88 Section 139 is in substantially the same form as Order 20 rule 2 of the Federal Court Rules.
89 The principles applicable to summary dismissal are not in dispute. The power is not one which should lightly be exercised. It should be exercised only in a clear case: Dey v Victorian Railways Commissioner [1949] HCA 1; (1949) 78 CLR 62 at 91. In a case such as the present the power should not be exercised unless it is clear there is no real question to be tried and that the case for an applicant is clearly untenable and cannot possibly succeed. Put in another way the power would only be exercised where the case sought to be adduced by the applicant is one that is hopeless and bound to fail: cf General Steel Industries Inc v Commissioner for Railways (NSW) [1964] HCA 69; (1964) 112 CLR 125; Faessler v Neale (unreported, Drummond J, 20 July 1994); Trade Practices Commission v Pioneer Concrete (Qld) Pty Ltd (1994) 124 ALR 685.
90 In a superior court where a plaintiff is required to plead his or her case it is often said that a claim will be struck out where, accepting that the evidence is as pleaded with all reasonable inferences favourable to the plaintiff being drawn, the case is nevertheless one which is unarguable; see, for example, the comments of Barwick CJ in General Steel at 129. In some cases the application may be made at a later time than the close of pleadings as, for example, after the whole of the plaintiff's evidence is filed. Yet in other cases, evidence may be adduced on the hearing of the application to strike out. In all these cases, however, an action to strike out will not succeed where a real question of fact is to be determined: Dey at 91 per Dixon J and cf Webster v Lampard [1993] HCA 57; (1993) 177 CLR 598 at 602-3, a case dealing with the analogous case of summary judgment.
91 In a statutory tribunal the issues between the parties are generally not the subject of pleadings. No doubt proceedings in a tribunal could be dismissed in a case where all evidence having been filed the question was whether, that evidence being accepted in the form filed, the case was one which did not give rise to an arguable case. Similarly proceedings could be dismissed if they disclosed in law no arguable case. But it would be a rare case that an application to a tribunal could be dismissed where an applicant had not filed or adduced all of the evidence which the applicant wished to adduce. One such case may be where the applicant had indicated in advance the evidence which the applicant proposed to adduce although no evidence had been filed. If that evidence, accepted favourably to the applicant, left no triable issue so that the applicant could not succeed, no doubt it would be appropriate for the proceedings to be dismissed.
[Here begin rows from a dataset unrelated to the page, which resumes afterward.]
Definition graph_adjoin (G : set (E * R)) (x1 : E) (c : R) : set (E * R) :=
  [set z | exists m r t, G (m, r) /\ z = (m + t *: x1, r + t * c)].

Lemma dominated_graph00 G x r : dominated_graph G -> G (x, r) -> G (0, 0).
Proof.
by case=> Glin _ _ Gx; have := Glin (-1) _ _ _ _ Gx Gx; rewrite scaleN1r mulN1r !addNr.
Qed.

Lemma dominated_graphZ G a x r : dominated_graph G -> G (x, r) -> G (a *: x, a * r).
Proof.
move=> dG Gx; have [Glin _ _] := dG.
by have := Glin a _ _ _ _ Gx (dominated_graph00 dG Gx); rewrite !addr0.
Qed.

Lemma dominated_graph_bigcup (F : set (set (E * R))) :
  (forall G, F G -> dominated_graph G) -> total_on F subset ->
  dominated_graph (\bigcup_(G in F) G).
Proof.
move=> Fdom Ftot; split.
- move=> a x r y s [G1 FG1 G1x] [G2 FG2 G2y].
  have [G12|G21] := Ftot _ _ FG1 FG2.
    by exists G2 => //; have [Glin _ _] := Fdom _ FG2; exact: Glin (G12 _ G1x) G2y.
  by exists G1 => //; have [Glin _ _] := Fdom _ FG1; exact: Glin G1x (G21 _ G2y).
- move=> x r s [G1 FG1 G1x] [G2 FG2 G2y].
  have [G12|G21] := Ftot _ _ FG1 FG2.
    by have [_ Gfun _] := Fdom _ FG2; exact: Gfun (G12 _ G1x) G2y.
  by have [_ Gfun _] := Fdom _ FG1; exact: Gfun G1x (G21 _ G2y).
- by move=> x r [G FG Gx]; have [_ _ Gp] := Fdom _ FG; exact: Gp Gx.
Qed.

Hypothesis p_subadd : forall x y, p (x + y) <= p x + p y.
Hypothesis p_subhom : forall s x, 0 < s -> p (s *: x) <= s * p x.

Lemma subhom_inv t y : 0 < t -> t * p (t^-1 *: y) <= p y.
Proof. by move=> t0; rewrite -ler_pdivlMl //; apply: p_subhom; rewrite invr_gt0. Qed.

Lemma dominated_graph_gap G x1 x0 r0 : dominated_graph G -> G (x0, r0) ->
  exists c, forall m r, G (m, r) -> r - p (m - x1) <= c /\ c <= p (m + x1) - r.
Proof.
move=> dG Gx0; have [Glin _ Gp] := dG.
have G00 := dominated_graph00 dG Gx0.
pose S := [set y | exists m r, G (m, r) /\ y = r - p (m - x1)].
have S_ub m' r' : G (m', r') -> ubound S (p (m' + x1) - r').
  move=> Gm' _ [m [r [Gm ->]]].
  rewrite lerBrDr addrAC lerBlDr.
  have := Gp _ _ (Glin 1 _ _ _ _ Gm Gm'); rewrite scale1r mul1r => /le_trans; apply.
  have -> : m + m' = (m - x1) + (m' + x1) by rewrite addrACA addNr addr0.
  by rewrite [X in _ <= X]addrC.
have S_bounded : has_ubound S by exists (p (0 + x1) - 0); exact: S_ub.
exists (sup S) => m r Gm; split; first by apply: (ub_le_sup S_bounded); exists m, r.
by apply: ge_sup (S_ub _ _ Gm); exists (0 - p (0 - x1)), 0, 0.
Qed.

Lemma graph_adjoin_dominated G x1 c m r t : dominated_graph G ->
  (forall m r, G (m, r) -> r - p (m - x1) <= c /\ c <= p (m + x1) - r) ->
  G (m, r) -> r + t * c <= p (m + t *: x1).
Proof.
move=> dG c_gap Gm; have [_ _ Gp] := dG.
have [t0|t0|->] := ltgtP t 0; last by rewrite scale0r mul0r !addr0; exact: Gp.
- pose s := - t; have s0 : 0 < s by rewrite oppr_gt0.
  have [+ _] := c_gap _ _ (dominated_graphZ s^-1 dG Gm).
  rewrite lerBlDr -(ler_pM2l s0) mulrA divff ?gt_eqF // mul1r mulrDr.
  have -> : s^-1 *: m - x1 = s^-1 *: (m + t *: x1).
    by rewrite scalerDr scalerA /s invrN mulNr mulVf ?ltr0_neq0 // scaleN1r.
  have := subhom_inv (m + t *: x1) s0; rewrite /s mulNr; lra.
- have [_ +] := c_gap _ _ (dominated_graphZ t^-1 dG Gm).
  rewrite lerBrDr -(ler_pM2l t0) mulrDr mulrA divff ?gt_eqF // mul1r.
  have -> : t^-1 *: m + x1 = t^-1 *: (m + t *: x1).
    by rewrite scalerDr scalerA mulVf ?gt_eqF // scale1r.
  have := subhom_inv (m + t *: x1) t0; rewrite [t * c]mulrC; lra.
Qed.

Lemma dominated_graph_adjoin G x1 c : dominated_graph G ->
  (forall m r, G (m, r) -> r - p (m - x1) <= c /\ c <= p (m + x1) - r) ->
  (forall r, ~ G (x1, r)) -> dominated_graph (graph_adjoin G x1 c).
Proof.
move=> dG c_gap nGx1; have [Glin Gfun _] := dG; split.
- move=> a _ _ _ _ [m [r [t [Gm [-> ->]]]]] [m' [r' [t' [Gm' [-> ->]]]]].
  exists (a *: m + m'), (a * r + r'), (a * t + t'); split; first exact: Glin.
  congr (_, _); first by rewrite scalerDl scalerDr -scalerA addrACA.
  by rewrite mulrDl mulrDr mulrA addrACA.
- move=> _ _ _ [m [r [t [Gm [-> ->]]]]] [m' [r' [t' [Gm' [mt_eq ->]]]]].
  have [tt'|tt'] := eqVneq t t'.
    by subst t'; move: mt_eq => /addIr mm'; subst m'; rewrite (Gfun _ _ _ Gm Gm').
  exfalso; apply: (nGx1 ((t - t')^-1 * (- r + r'))).
  have -> : x1 = (t - t')^-1 *: ((-1) *: m + m').
    apply: (@scalerI _ _ (t - t')); first by rewrite subr_eq0.
    rewrite scalerA divff ?subr_eq0 // scale1r scaleN1r scalerBl.
    by apply: (addrI m); rewrite addrA mt_eq addrK addNKr.
  by have := Glin (-1) _ _ _ _ Gm Gm'; rewrite mulN1r; exact: dominated_graphZ.
- by move=> _ _ [m [r [t [Gm [-> ->]]]]]; exact: graph_adjoin_dominated t dG c_gap Gm.
Qed.

Lemma graph_adjoin_proper G x1 c : G (0, 0) -> (forall r, ~ G (x1, r)) ->
  G `<` graph_adjoin G x1 c.
Proof.
move=> G00 nGx1; split=> [[m r] Gm|/(_ (x1, c)) Gx1c].
  by exists m, r, 0; rewrite scale0r mul0r !addr0.
by apply: (nGx1 c); apply: Gx1c; exists 0, 0, 1; rewrite scale1r mul1r !add0r.
Qed.

Theorem hahn_banach_line x0 c0 : x0 != 0 -> (forall t, t * c0 <= p (t *: x0)) ->
  exists g : E -> R, [/\ forall a x y, g (a *: x + y) = a * g x + g y,
    forall x, g x <= p x & g x0 = c0].
Proof.
move=> x00 c0_le.
pose line := [set z : E * R | exists t, z = (t *: x0, t * c0)].
have line_seed : line (x0, c0) by exists 1; rewrite scale1r mul1r.
have line_dom : dominated_graph line.
  split.
  - move=> a _ _ _ _ [t [-> ->]] [t' [-> ->]]; exists (a * t + t').
    by rewrite scalerDl scalerA mulrDl mulrA.
  - move=> _ _ _ [t [-> ->]] [t' [tt' ->]].
    have /eqP : (t - t') *: x0 = 0 by rewrite scalerBl tt' subrr.
    by rewrite scaler_eq0 subr_eq0 (negbTE x00) orbF => /eqP ->.
  - by move=> _ _ [t [-> ->]]; exact: c0_le.
pose P G := dominated_graph G /\ (G !=set0 -> G (x0, c0)).
have [A [[Adom Aseed] Amax]] : exists A, P A /\ forall B, A `<` B -> ~ P B.
  apply: Zorn_bigcup => F FP Ftot; split.
    by apply: dominated_graph_bigcup => // G /FP [].
  by move=> [z [G FG Gz]]; exists G => //; apply: (FP G FG).2; exists z.
have Ax0 : A (x0, c0).
  apply: Aseed; apply/set0P/eqP => A0.
  apply: (Amax line); last by split.
  by rewrite A0; split=> // /(_ _ line_seed).
have A_total x : exists r, A (x, r).
  apply: contrapT => nAx; have {}nAx r : ~ A (x, r) by move=> Axr; apply: nAx; exists r.
  have [c c_gap] := dominated_graph_gap x Adom Ax0.
  have AAc := graph_adjoin_proper c (dominated_graph00 Adom Ax0) nAx.
  apply: (Amax _ AAc); split; first exact: dominated_graph_adjoin.
  by move=> _; exact: AAc.1.
pose g x := xget 0 [set r | A (x, r)].
have gP x : A (x, g x) by apply: (xgetPex 0 (A_total x)).
have [Alin Afun Ap] := Adom.
exists g; split.
- by move=> a x y; apply: Afun (gP _) (Alin a _ _ _ _ (gP x) (gP y)).
- by move=> x; exact: Ap (gP x).
- exact: Afun (gP x0) Ax0.
Qed.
92 In the present case, however, all that had been done by the appellants was to indicate in the most general terms the nature of the evidence which might be given by witnesses the appellants wished to subpoena. It is difficult to glean from what was said by Mr Turner in his affidavit of 19 November 1998 what it was that the proposed witnesses would say. In general terms the affidavit did no more than indicate that there were people who would support a case that the conduct of Leda was harsh and oppressive to the Tenant. Certainly the affidavit suggested that at least in part the persons referred to would say that there were other tenants who were in arrears of rents or had failed to provide guarantees who had not suffered the actions which the Turners had suffered by reason of Leda entering possession. Whether this is the limit of the evidence that was proposed to be adduced is not entirely clear. Even if it were the substance of the evidence proposed to be adduced was not disclosed beyond the very general terms which I have set out.
93 Nothing said by the representatives of the Turners before the Tribunal in oral submission added to the material in the affidavit of 19 November 1998.
94 In these circumstances strike out could only be permitted if the evidence referred to in its generality by Mr Turner could never found a case that Leda had engaged in harsh and oppressive conduct towards its tenant having regard to the terms of either or both of paragraphs (d) and (f) of s 36(1) of the Act, that is to say undue influence or pressure or unfair tactics on the one hand and inconsistent conduct on the other.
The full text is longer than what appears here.